Key Points
- It’s important to know the PSC issues Nigerian companies must avoid
- The Persons of Significant Control (PSC) register isn’t just another CAC formality
- If you can’t prove who owns or controls your company when asked, it raises questions about the legitimacy of your business structure
- We review your entire business structure; directors, shareholders, PSC records, and annual filings, to make sure everything aligns
- If your PSC’s shareholding percentage is off by even a few points, it can suggest ownership discrepancies that auditors or regulators will want explained
If you run a registered company or Limited Liability Company in Nigeria, you’ve probably heard about the PSC requirement. Maybe you’ve even filed it once during incorporation and assumed that was the end of it. It’s important to know the PSC issues Nigerian companies must avoid.

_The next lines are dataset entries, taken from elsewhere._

Definition h3adj (a b : nat) : bool :=
  [&& a < 7, b < 7 &
   [|| a.+1 %% 7 == b, b.+1 %% 7 == a, upair a b 1 4, upair a b 2 5 | upair a b 3 6]].

Definition h2adj (a b : nat) : bool :=
  [&& a < 6, b < 6 &
   [|| a.+1 %% 6 == b, b.+1 %% 6 == a, upair a b 1 4 | upair a b 2 5]].

Definition copy_of (m x : nat) : nat :=
  if x < 7 then 0 else if x < 6 * m - 5 then (x - 7) %/ 6 + 1 else m - 1.

Definition local (m x : nat) : nat :=
  if x < 7 then x else if x < 6 * m - 5 then (x - 7) %% 6 else x - (6 * m - 5).

Definition is_H3 (m c : nat) : bool := (c == 0) || (c == m - 1).

Definition ladj (m x y : nat) : bool :=
  (copy_of m x == copy_of m y) &&
  (if is_H3 m (copy_of m x) then h3adj (local m x) (local m y)
   else h2adj (local m x) (local m y)).

(* the degree-2 vertex of copy c used towards copy c+1
   (v1 for the H_3 copy 0, v4 for an H_2 copy); the one used towards c-1 is v1 *)
Definition rport (c : nat) : nat := if c == 0 then 0 else 3.

Definition conn (m x y : nat) : bool :=
  [&& copy_of m y == (copy_of m x).+1, local m x == rport (copy_of m x)
    & local m y == 0].

Definition gadj (m x y : nat) : bool := [|| ladj m x y, conn m x y | conn m y x].

Definition Gm (m : nat) : rel 'I_(6 * m + 2) := fun x y => gadj m x y.
Arguments Gm : clear implicits.

(* The copy of H_3 at the first leaf is a set of 7 vertices left by a single edge.
   That edge is therefore a bridge, and the graph is not 3-edge-colourable: in a
   3-edge-colouring of a cubic graph each colour class is a perfect matching, so a
   colour missing from the bridge would match the 7 vertices among themselves.
   Colouring each copy with colours 0..3 so that its ports miss colour 3, and the
   edges between copies with 3, gives a 4-edge-colouring.
   For c_2(G): in a cubic graph every vertex of a 4-cycle has at most one neighbour
   off the cycle, so a 4-cycle disjoint from the initial set is never converted.
   Every copy has, for each of its vertices v, a 4-cycle avoiding v; hence a
   2-conversion set meets every copy in at least two vertices. Conversely two
   suitable vertices of each copy already convert the whole copy, so c_2(G) = 2m,
   and 2m - ceil((6m + 4) / 4) = floor(m / 2) - 1. *)

From mathcomp Require Import all_boot all_algebra.
From mathcomp Require Import zify.
Set Implicit Arguments. Unset Strict Implicit. Unset Printing Implicit Defensive.

(** * Irreversible 2-threshold conversion *)

(* [l] lists vertices in reverse order of conversion: each one is in [S] or has
   two neighbours later in [l]. *)
Fixpoint conv_order (T : eqType) (e : rel T) (S : pred T) (l : seq T) : bool :=
  if l is x :: l' then ((x \in S) || (1 < count (e x) l')) && conv_order e S l' else true.

Lemma conv_order_map (T U : eqType) (h : rel T) (e : rel U) (A : pred T) (S : pred U)
    (f : T -> U) l :
  (forall u v, h u v -> e (f u) (f v)) -> (forall u, u \in A -> f u \in S) ->
  conv_order h A l -> conv_order e S (map f l).
Proof.
move=> hom AS; elim: l => [//|x l IHl] /= /andP[xA ol]; rewrite IHl // andbT.
case/orP: xA => [/AS -> // | two]; apply/orP; right.
by apply: leq_trans two _; rewrite count_map; apply: sub_count => u /hom.
Qed.

Section Conversion.
Variables (V : finType) (e : rel V).

Lemma conv_iter_mono (S : {set V}) t t' : t <= t' -> conv_iter e S t \subset conv_iter e S t'.
Proof.
elim: t' => [|t' IHt']; first by rewrite leqn0 => /eqP->.
rewrite leq_eqVlt ltnS => /predU1P[-> // | /IHt' sub].
by apply: subset_trans sub _; rewrite /conv_iter iterS subsetUl.
Qed.

Lemma conv_order_sub_conv_iter (S : {set V}) l :
  uniq l -> conv_order e (fun x => x \in S) l -> {subset l <= conv_iter e S (size l)}.
Proof.
elim: l => [//|x l IHl] /= /andP[xl ul] /andP[xS ol] y.
have sub := subsetP (conv_iter_mono S (leqnSn (size l))).
rewrite inE => /predU1P[-> | yl]; last exact/sub/IHl.
rewrite inE; case/orP: xS => [xS | two].
  by rewrite (subsetP (conv_iter_mono S (leq0n (size l)))).
rewrite inE; apply/orP; right; apply: leq_trans two _.
rewrite -size_filter -(card_uniqP _) ?filter_uniq //; apply/subset_leq_card/subsetP => u.
by rewrite mem_filter !inE => /andP[-> /(IHl ul ol)->].
Qed.

Definition trapped (C : {set V}) : Prop :=
  {in C, forall x, #|[set y | e x y] :\: C| <= 1}.

Lemma trapped_notin_conv_iter (C S : {set V}) t :
  trapped C -> {in C, forall x, x \notin S} ->
  {in C, forall x, x \notin conv_iter e S t}.
Proof.
move=> trC CS; elim: t => [//|t IHt] x xC.
rewrite /conv_iter iterS -/(conv_iter e S t) inE negb_or IHt //= inE -ltnNge ltnS.
apply: leq_trans (trC x xC); apply/subset_leq_card/subsetP => y.
by rewrite !inE => /andP[yS ->]; rewrite andbT; apply: contraL yS; apply: IHt.
Qed.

But here’s the thing: PSC filing isn’t a one-time task. It’s an ongoing compliance responsibility, and getting it wrong (or ignoring it entirely) can quietly sabotage your business standing with the Corporate Affairs Commission (CAC).
At Qrafteq, we’ve worked with dozens of Nigerian businesses that thought their records were fine until they tried to file annual returns, apply for a contract, or open a corporate account. That’s when they discovered that a “small PSC detail” had been flagging their company as non-compliant for months, sometimes years.
The Persons of Significant Control (PSC) register isn’t just another CAC formality. It’s a legal requirement that speaks directly to who really owns or controls your company, and if it’s not accurate, the consequences can pile up fast.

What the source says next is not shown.